11.  Changes Related to RFCs 6830 and 6833

   For implementation considerations, the following major changes have
   been made to this document since [RFC6830] and [RFC6833] were

   *  The 16-bit 'Key ID' field of the Map-Register and Map-Notify
      messages as defined in [RFC6830] has been split into an 8-bit 'Key
      ID' field and an 8-bit 'Algorithm ID' field.  Note that this
      change also applies to the Map-Notify-Ack message defined by this
      document.  See Sections 5.6 and 5.7.

   *  This document defines a Map-Notify-Ack message to provide
      reliability for Map-Notify messages.  Any receiver of a Map-Notify
      message must respond with a Map-Notify-Ack message.  Map-Servers
      who are senders of Map-Notify messages must queue the Map-Notify
      contents until they receive a Map-Notify-Ack with the nonce used
      in the Map-Notify message.  Note that implementations for Map-
      Notify-Ack support already exist and predate this document.

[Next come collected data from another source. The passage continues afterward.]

Theorem lemma3p6 (R : realType) (d : nat)
    (mu : probability (d.-tuple R) R) (eps alpha Rr : R)
    (heps : 0 < eps) (halpha : 0 < alpha) (hR : 0 < Rr)
    (hconv : strongly_convex_on (tball (torigin R d) Rr)
               (fun x => tdist (torigin R d) x ^+ 2) alpha)
    (x0 : d.-tuple R) (r : R) (hr : r < Rr)
    (nu : d.-tuple R -> R) (m_nu M_nu : R)
    (hnu_per : torus_periodic nu) (hnu_meas : measurable_fun setT nu)
    (hnu_ge0 : forall x, 0 <= nu x)
    (hnu_1 : tint (fun x => (nu x)%:E) = 1%E)
    (hm : 0 < m_nu) (hmM : m_nu <= M_nu)
    (hnuQ : forall x, tball x0 r x -> m_nu <= nu x <= M_nu) :
  let Q := tball x0 r in
  let nuQmass := tintegral Q nu in
  let nuQ := fun y => nu y * \1_Q y / nuQmass in
  forall phi : d.-tuple R -> R, torus_continuous phi ->
  forall y, Q y ->
    m_nu * expR (- (r ^+ 2 / alpha) - 4 * pi ^+ 2 * d%:R) * (tvol Q / nuQmass)
      <= nuQ y / gammaQphi mu eps alpha x0 r phi y
    /\ nuQ y / gammaQphi mu eps alpha x0 r phi y
      <= M_nu * expR (r ^+ 2 / alpha + 4 * pi ^+ 2 * d%:R) * (tvol Q / nuQmass).
Proof.
move=> Q N nuQ phi _ y Qy.
set T := Teps mu eps phi; set g := fun x => expR (- (tdist x0 x ^+ 2) / alpha).
set Z := tintegral Q g.
set I := tintegral Q (fun x => expR (T x) * gammaQ alpha x0 r x).
have g_bnd := gauss_tball_bounds halpha.
have /andP[eaV_Z] : expR (- (r ^+ 2 / alpha)) * tvol Q <= Z <= 1 * tvol Q.
  apply: tintegral_sandwich => [||x _|x Qx]; rewrite ?expR_gt0 ?expR_ge0 // !mulr1.
  exact: g_bnd.
rewrite mul1r => Z_V.
have ratioE : nuQ y / gammaQphi mu eps alpha x0 r phi y =
              nu y / N * (I / expR (T y)) * (Z / g y).
  rewrite /nuQ /gammaQphi /gammaQ /= indicE mem_set // !mulr1 -/T -/I -/g -/Z.
  by rewrite !invfM !invrK; ring.
rewrite ratioE; apply/andP; apply: (ratio_bounds (s := d%:R * pi ^+ 2 / 2)) => //.
- exact: hnuQ.
- exact: tintegral_ge0.
- exact: g_bnd.
- by apply: tintegral_ge0 => x _; exact: expR_ge0.
- by rewrite eaV_Z Z_V.
- exact: expR_gt0.
- exact: gammaQ_average_expTeps.
- by have := mulr_ge0 (ler0n R d) (sqr_ge0 pi); lra.
Qed.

   *  This document has incorporated the codepoint for the Map-Referral
      message from the LISP-DDT specification [RFC8111] to indicate that
      a Map-Server must send the final Map-Referral message when it
      participates in the LISP-DDT Mapping System procedures.

   *  Bits L and D have been added to the Map-Request message.  See
      Section 5.3 for details.

   *  Bits S, I, E, T, a, R, and M have been added to the Map-Register
      message.  See Section 5.6 for details.

   *  The nonce and the Authentication Data in the Map-Register message
      each behave differently; see Section 5.6 for details.

   *  This document adds two new action values that are in an EID-Record
      that appears in Map-Reply, Map-Register, Map-Notify, and Map-
      Notify-Ack messages.  These new action values are Drop/Policy-
      Denied and Drop/Auth-Failure.  See Section 5.4 for details.

12.  IANA Considerations

   This section provides guidance to IANA regarding registration of
   values related to this LISP control plane specification, in
   accordance with BCP 26 [RFC8126].

   *  LISP IANA registry allocations should not be made for purposes
      unrelated to LISP routing or transport protocols.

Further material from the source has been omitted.